Theme Music: Rob Paravonian
Nick: Hey, everybody, it's Nick Leighton.
Leah: And I'm Leah Bonnema.
Nick: We had so many great holiday-themed questions-
Leah: Yes, we did!
Nick: -that we're going to put them all together and celebrate the reason for the season.
Nick: These are multi-denominational - celebrate everything; celebrate nothing - we've got something for everybody.
Leah: We got it for you.
Nick: Our first question is about office holiday parties.
Leah: Oh ...
Nick: Our question writer just wants to know, "What should I do and not do?"
Leah: Very tricky!
Nick: Not tricky-
Leah: "Not tricky," says Nick.
Nick: Actually not tricky. Yeah ... I think the only rule is don't get drunk.
Leah: That's very true.
Nick: Just don't get drunk.
Leah: Because then everything that was tricky falls into that category.
Nick: Pretty much, yeah, and I think ... Just remember, we're still at an office, and everyone has phones, and everyone is watching you.
Nick: Everybody loves to talk!
Nick: So, give people a reason to talk about you, they're going to take it.
Nick: So, I think we want to dress conservatively.
Leah: Unless you're trying to make a statement.
Nick: Oh, sure! What statement do you want to make?
Leah: I mean if you want to show up as a sassy Mrs. Santa ...
Nick: Sure, and who doesn't?
Leah: I mean, you know, with one of those wild dresses that you got at Ricky's - do it!
Nick: Hmm. Ricky's, for people who aren't in New York, is- how would you describe Ricky's?
Leah: Ricky's has actually gone out of business, which really breaks my heart because you could get anything at Ricky's.
Nick: It was sort of like a hair-styling product, where you could also get false eyelashes. Halloween - they would do Halloween costumes.
Leah: They also would just do random costumes in the back that were like any kind of costume made inappropriate.
Nick: Oh ... Is that what was going on in the back room?
Leah: Yes, that's what the back room was.
Nick: Oh ... I thought something else was going on.

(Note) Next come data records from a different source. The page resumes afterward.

Lemma lower_step K y t z T : (1 <= K < N)%nat ->
  (forall i, (i < d)%nat -> y i = t * u K i + z i) -> 0 <= T -> T <= Rabs t ->
  vnorm d z <= dl * Rabs t ->
  exists t' z', (forall i, (i < d)%nat -> applyM d (L (S K)) y i = t' * u (S K) i + z' i) /\
    T * sg (S K) * rho2 d (L K) (L (S K)) * (1 - cc) <= Rabs t' /\ vnorm d z' <= dl * Rabs t'.
Proof.
  destruct dl_cc_bounds as [Hdl Hcc]. pose proof err_budget. pose proof drift_budget.
  intros HK Hrep HT Ht Hz.
  set (r := rho2 d (L K) (L (S K))). set (s := sg (S K)). set (a := Rabs (align K)).
  assert (Hs : 0 < s) by (apply sg_pos; lia).
  assert (Hr : eps <= r) by (apply Hrho, HK).
  pose proof (rho2_near_align K HK) as Hal. fold r a in Hal.
  destruct (aligned_step K y t z HK Hrep) as (t' & z' & Hrep' & Ht' & Hz'). fold s a in Ht', Hz'.
  assert (cc * eps <= cc * r) by (apply Rmult_le_compat_l; lra).
  assert (Hadl : r * (1 - cc) <= a - dl) by lra.
  assert (0 <= r * (1 - cc)) by nra.
  assert (Hmain : s * (Rabs t * (a - dl)) <= Rabs t').
  { assert (s * (Rabs t * (a - dl)) <= s * (Rabs t * a - vnorm d z))
      by (apply Rmult_le_compat_l; nra).
    lra. }
  exists t', z'. split; [exact Hrep' | split].
  - assert (T * (r * (1 - cc)) <= Rabs t * (a - dl)) by (apply Rmult_le_compat; lra).
    assert (s * (T * (r * (1 - cc))) <= s * (Rabs t * (a - dl))) by (apply Rmult_le_compat_l; lra).
    lra.
  - pose proof (vnorm_axpy_unit d (u K) z t (nsq_u K ltac:(lia))) as [_ Hy].
    rewrite <- (vnorm_ext d _ _ Hrep) in Hy.
    assert (Hka : kap * (1 + dl) <= dl * (a - dl)).
    { assert (dl * (eps - 2 * kap - dl) <= dl * (a - dl)) by (apply Rmult_le_compat_l; lra).
      lra. }
    pose proof (Rabs_pos t).
    assert (kap * s * vnorm d y <= kap * s * (Rabs t * (1 + dl)))
      by (apply Rmult_le_compat_l; [nra | lra]).
    assert (s * Rabs t * (kap * (1 + dl)) <= s * Rabs t * (dl * (a - dl)))
      by (apply Rmult_le_compat_l; [nra | exact Hka]).
    assert (dl * (s * (Rabs t * (a - dl))) <= dl * Rabs t') by (apply Rmult_le_compat_l; lra).
    lra.
Qed.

Leah: No, no, no, no, no ...
Nick: Oh, it was just-
Leah: And, I mean, for people that don't know New York, they really had all the hair-care products.
Nick: Okay. So, Ricky's ... May it rest in peace. So, office holiday parties. Yeah, I guess just be on your best behavior and be nice to the other people and try and socialize with people who you may not know very well; make small talk and do all of that.
Leah: Yeah, and thank the ... If it's a group of people that put it together at your office, or HR-
Nick: Oh, yeah, whoever put it together, send them an email. Be like, "Great eggnog, Jan!" or whatever.
Nick: Our next question - also office-related - about Secret Santa. So, for people who don't know, Secret Santa is when you put a bunch of names in a hat, and everybody takes a name, and it's a secret from everybody else. Then you buy that one person a gift and then, you reveal it at some gift-exchange party that happens.
Leah: I do think that some places you have a Secret Santa for the month, and you give little gifts throughout the month-
Nick: Where is that place?
Leah: I've seen this happen.
Nick: That seems just like a lot of work.
Leah: They're all, you know, little, "Oh, here's a pack of gum, and a candy bar you love ..."
Nick: Uh, okay ... I've not heard of this, but I guess ... I believe it has happened in the world.
Leah: That seems nice to me.
Nick: Sure. I guess getting gum on your desk unexpectedly for 25 days of Christmas ... Sure. Great. Well, our letter-writer wants to know about Secret Santa with a huge group of people. Most people don't know each other, so what people are doing is sending out a list of Amazon wish lists, saying like, "These are things I want!" Our letter-writer wants to know, like, is that fine? I don't love that. I don't love that.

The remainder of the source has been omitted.